> Task to complete: Beginning at the top of the material, repeat each line exactly, and stop once the line with "From mathcomp Require Import all_boot" has been written.

[[ Record extracts open ]]

(* Let $A$ be a finitely generated free abelian group and $d\ge 4$. Let $\mathcal{J}(A)=\bigoplus_{k>0}\Gamma^k(A)$ be the augmentation ideal of the divided power algebra $\Gamma(A)=\Gamma_{\mathbb{Z}}(A)$, and filter $\Gamma^d(A)$ by $F_{-i}\Gamma^d(A)=\mathcal{J}(A)^i\cap\Gamma^d(A)$, with $\mathrm{gr}_{-i}\Gamma^d(A)=F_{-i}\Gamma^d(A)/F_{-i-1}\Gamma^d(A)$. Then $\mathrm{gr}_{-d+1}\Gamma^d(A)\simeq\sigma_{(1,d-2)}(A/2)$.
   Context: $A/2=A\otimes\mathbb{Z}/2$. For an $\mathbb{F}_2$-vector space $V$, $V^{(1)}$ is the Frobenius twist (the subfunctor of $S^2_{\mathbb{F}_2}(V)$ spanned by squares), and for $n\ge2$, $\sigma_{(1,n)}(V)$ is the cokernel of $u:\Lambda^2_{\mathbb{F}_2}(V^{(1)})\otimes S^{n-2}_{\mathbb{F}_2}(V)\to V^{(1)}\otimes S^n_{\mathbb{F}_2}(V)$, $u((x\wedge y)\otimes z)=x\otimes(y^2z)-y\otimes(x^2z)$ (here $x,y$ are viewed both as elements of $V^{(1)}$ and, via their squares $x^2,y^2$, in $S^2(V)$). *)

From HB Require Import structures.
From mathcomp Require Import all_boot all_algebra.
From mathcomp Require Import mpoly.
Unset Printing Implicit Defensive.
Import GRing.Theory.
Local Open Scope ring_scope.

Inductive zspan {V : zmodType} (P : V -> Prop) : V -> Prop :=
| zspan0 : zspan P 0
| zspan_gen x : P x -> zspan P x
| zspan_sub x y : zspan P x -> zspan P y -> zspan P (x - y).

(* H1/K1 ~= H2/K2 as abelian groups (K_i subgroups of H_i): there is a map
   phi : H1 -> H2 inducing a group isomorphism of the quotients. *)
Definition quot_iso {V W : zmodType} (H1 K1 : V -> Prop) (H2 K2 : W -> Prop) : Prop :=
  exists phi : V -> W,
    [/\ (forall x, H1 x -> H2 (phi x)),
        (forall x y, H1 x -> H1 y -> K2 (phi (x + y) - phi x - phi y)),
        (forall x, H1 x -> (K2 (phi x) <-> K1 x)) &
        (forall y, H2 y -> exists2 x, H1 x & K2 (phi x - y))].

(* ---------- Divided power algebra Gamma_Z(Z^n), modelled inside Q[x_1..x_n]
   as the subring with Z-basis the divided monomials x^[a] = x^a / a!. ---- *)
Definition dpmon (n : nat) (a : 'X_{1..n}) : {mpoly rat[n]} :=
  ((\prod_(i < n) (a i)`!)%:R)^-1 *: 'X_[a].

Definition Gamma (n : nat) : {mpoly rat[n]} -> Prop :=
  zspan (fun p => exists a, p = dpmon n a).

Definition GammaD (n d : nat) : {mpoly rat[n]} -> Prop :=
  zspan (fun p => exists2 a, mdeg a = d & p = dpmon n a).

Definition Jaug (n : nat) : {mpoly rat[n]} -> Prop :=
  zspan (fun p => exists2 a, (0 < mdeg a)%N & p = dpmon n a).

Definition Jpow (n i : nat) : {mpoly rat[n]} -> Prop :=
  if i is 0 then Gamma n
  else zspan (fun p => exists2 f : 'I_i -> {mpoly rat[n]},
                 (forall j, Jaug n (f j)) & p = \prod_(j < i) f j).

Definition FilGamma (n i d : nat) (p : {mpoly rat[n]}) : Prop :=
  Jpow n i p /\ GammaD n d p.

(* S(V) = F_2[x_1..x_n]; S(V) (x) S(V) = {mpoly S(V)[n]} (outer variables
   = first tensor factor, coefficients = second tensor factor).
   V^{(1)} (x) S^m(V) sits inside S^2(V) (x) S^m(V). ------------------------ *)
Definition SV (n : nat) := {mpoly 'F_2[n]}.
Definition SV2 (n : nat) := {mpoly (SV n)[n]}.

Definition Sym (n k : nat) : SV n -> Prop :=
  zspan (fun p => exists2 m : 'X_{1..n}, mdeg m = k & p = 'X_[m]).

(* a vector of V = F_2^n, given by its support S, as an element of S^1(V) *)
Definition linV (n : nat) (S : {set 'I_n}) : SV n := \sum_(i in S) 'X_i.
(* the same vector x seen in V^{(1)} \subset S^2(V), first tensor factor:
   x^{(1)} = x^2 = sum_{i in S} x_i^2 (characteristic 2) *)
Definition frobV (n : nat) (S : {set 'I_n}) : SV2 n := \sum_(i in S) ('X_i) ^+ 2.
(* Let $\varphi$ be a 3CNF formula with variables $x_1,\dots,x_n$ and clauses $c_1,\dots,c_m$, and let $I(\varphi)$ be the LA-MAPF instance constructed from $\varphi$ as described in the context. If $\varphi$ is satisfiable, then $I(\varphi)$ has a solution.
   Context: LA-MAPF. An instance consists of an undirected graph $G=(V,E)$ embedded in $\mathbb{R}^2$ (each vertex is a point, distinct vertices are distinct points, each edge is the straight segment between its endpoints), agents $a_1,\dots,a_k$ that are disks of a common radius $r>0$ centered at vertices, and start and goal configurations. A configuration assigns to each agent a vertex, distinct agents at distinct vertices. Two consecutive configurations form a transition iff exactly one agent moves along an edge from its vertex to an adjacent vertex and all other agents stay put. A vertex conflict occurs if two agents are at vertices at Euclidean distance $<2r$; an edge conflict occurs if, during a transition in which an agent moves along the segment $[u,v]$, some other (stationary) agent is at a vertex $v'$ at Euclidean distance $<2r$ from the segment $[u,v]$. A solution is a sequence of configurations from the start to the goal configuration in which consecutive configurations form transitions and there are no vertex or edge conflicts. The construction $I(\varphi)$. Let $\varphi$ be a conjunction of $m\ge1$ clauses over variables $x_1,\dots,x_n$ ($n\ge1$), each clause a disjunction of exactly three literals on three distinct variables. Set $r=m$ and $P=2m+1$. Vertices: (Variables) for each $i=1,\dots,n$: $A_i=(Pi,1)$, $B_i=(Pi,\ 4m^2n+2m^2+2mn+5m-1)$, $C_i=(Pi,\ 2m^2+m)$; edges $A_iB_i$, $A_iC_i$. (Clauses) for each $j=1,\dots,m$: $D_j=(0,\ Pj+4m^2n+2m^2+4mn+3m+n-2)$, $E_j=(0,\ j+2m^2n+2m^2+mn+3m-1)$, $G_j=(0,\ j+2m^2n+2m^2+mn+2m-1)$, $H_j=(0,\ Pj)$, $I_j=(0,\ Pj+4m^2n+4m^2+4mn+5m+n-2)$, and for each literal of clause $c_j$: if the literal is $x_i$, a vertex $F_j^{x_i}=(Pi,\ j+2m^2+2m-1)$; if it is $\neg x_i$, a vertex $F_j^{\neg x_i}=(Pi,\ j+4m^2n+2m^2+2mn+3m-1)$. Edges: $D_jE_j$, $G_jH_j$, $H_jI_j$, and for each of the three $F$-vertices $F$ of clause $j$, edges $E_jF$ and $FG_j$. (Blocking) $J_i=(0,\ Pi+4m^2n+2m^2+2mn+3m-2)$ for $i=1,\dots,n$, $K=(0,0)$, $L_i=(Pi,0)$ for $i=1,\dots,n$; edges $J_{i}J_{i+1}$ and $L_iL_{i+1}$ for $1\le i<n$, $J_1K$ and $KL_1$. Agents (all of radius $r=m$): for each $i$, a v-agent with start and goal $A_i$; for each $j$, a c-agent with start $D_j$ and goal $I_j$; and $n+1$ b-agents, one starting at each of $J_1,\dots,J_n,K$, each with goal equal to its start. The graph has $5n+8m+1$ vertices and there are $2n+m+1$ agents. *)

From Stdlib Require Import Reals Lra Lia Arith List.
Open Scope R_scope.

Record lamapf := mkLAMAPF {
  V : Type;
  vvalid : V -> Prop;
  posx : V -> R;
  posy : V -> R;
  adj : V -> V -> Prop;          (* undirected edge relation of G *)
  Ag : Type;
  avalid : Ag -> Prop;
  rad : R;
  start : Ag -> V;
  goal : Ag -> V }.

Definition config (I : lamapf) := Ag I -> V I.

Definition dist2 (x1 y1 x2 y2 : R) : R := sqrt ((x1 - x2) ^ 2 + (y1 - y2) ^ 2).

Definition is_config (I : lamapf) (c : config I) : Prop :=
  (forall a, avalid I a -> vvalid I (c a)) /\
  (forall a b, avalid I a -> avalid I b -> a <> b -> c a <> c b).

Definition vertex_conflict (I : lamapf) (c : config I) : Prop :=
  exists a b, avalid I a /\ avalid I b /\ a <> b /\
    dist2 (posx I (c a)) (posy I (c a)) (posx I (c b)) (posy I (c b)) < 2 * rad I.

(* Euclidean distance from vertex w to the segment [u,v] is < 2r
   (the segment is compact, so the distance is attained at some point) *)
Definition near_segment (I : lamapf) (w u v : V I) : Prop :=
  exists t : R, 0 <= t <= 1 /\
    dist2 (posx I w) (posy I w)
          (posx I u + t * (posx I v - posx I u))
          (posy I u + t * (posy I v - posy I u)) < 2 * rad I.

Definition moves (I : lamapf) (c c' : config I) (a : Ag I) : Prop :=
  avalid I a /\ adj I (c a) (c' a) /\
  (forall b, avalid I b -> b <> a -> c' b = c b).

Definition transition (I : lamapf) (c c' : config I) : Prop :=
  exists a, moves I c c' a.

Definition edge_conflict (I : lamapf) (c c' : config I) : Prop :=
  exists a b, moves I c c' a /\ avalid I b /\ b <> a /\
    near_segment I (c b) (c a) (c' a).

Definition is_solution (I : lamapf) (T : nat) (s : nat -> config I) : Prop :=
  (forall a, avalid I a -> s 0%nat a = start I a) /\
  (forall a, avalid I a -> s T a = goal I a) /\
  (forall t, (t <= T)%nat -> is_config I (s t) /\ ~ vertex_conflict I (s t)) /\
  (forall t, (t < T)%nat ->
      transition I (s t) (s (S t)) /\ ~ edge_conflict I (s t) (s (S t))).

Definition has_solution (I : lamapf) : Prop :=
  exists (T : nat) (s : nat -> config I), is_solution I T s.

(* literal x_i (lpos = true) or ~x_i (lpos = false), variable index i in 1..n *)
Record lit := mkLit { lvar : nat; lpos : bool }.

(* formula with variables x_1..x_n and clauses c_1..c_m; cl j k (k < 3) is the
   k-th literal of clause c_j *)
Definition wf_3cnf (n m : nat) (cl : nat -> nat -> lit) : Prop :=
  (1 <= n)%nat /\ (1 <= m)%nat /\
  forall j, (1 <= j <= m)%nat ->
    (forall k, (k < 3)%nat -> (1 <= lvar (cl j k) <= n)%nat) /\
    lvar (cl j 0%nat) <> lvar (cl j 1%nat) /\ lvar (cl j 0%nat) <> lvar (cl j 2%nat) /\
    lvar (cl j 1%nat) <> lvar (cl j 2%nat).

[[ Record extracts closed ]]

> Answer for the task:
(* Let $A$ be a finitely generated free abelian group and $d\ge 4$. Let $\mathcal{J}(A)=\bigoplus_{k>0}\Gamma^k(A)$ be the augmentation ideal of the divided power algebra $\Gamma(A)=\Gamma_{\mathbb{Z}}(A)$, and filter $\Gamma^d(A)$ by $F_{-i}\Gamma^d(A)=\mathcal{J}(A)^i\cap\Gamma^d(A)$, with $\mathrm{gr}_{-i}\Gamma^d(A)=F_{-i}\Gamma^d(A)/F_{-i-1}\Gamma^d(A)$. Then $\mathrm{gr}_{-d+1}\Gamma^d(A)\simeq\sigma_{(1,d-2)}(A/2)$.
   Context: $A/2=A\otimes\mathbb{Z}/2$. For an $\mathbb{F}_2$-vector space $V$, $V^{(1)}$ is the Frobenius twist (the subfunctor of $S^2_{\mathbb{F}_2}(V)$ spanned by squares), and for $n\ge2$, $\sigma_{(1,n)}(V)$ is the cokernel of $u:\Lambda^2_{\mathbb{F}_2}(V^{(1)})\otimes S^{n-2}_{\mathbb{F}_2}(V)\to V^{(1)}\otimes S^n_{\mathbb{F}_2}(V)$, $u((x\wedge y)\otimes z)=x\otimes(y^2z)-y\otimes(x^2z)$ (here $x,y$ are viewed both as elements of $V^{(1)}$ and, via their squares $x^2,y^2$, in $S^2(V)$). *)

From HB Require Import structures.
From mathcomp Require Import all_boot all_algebra.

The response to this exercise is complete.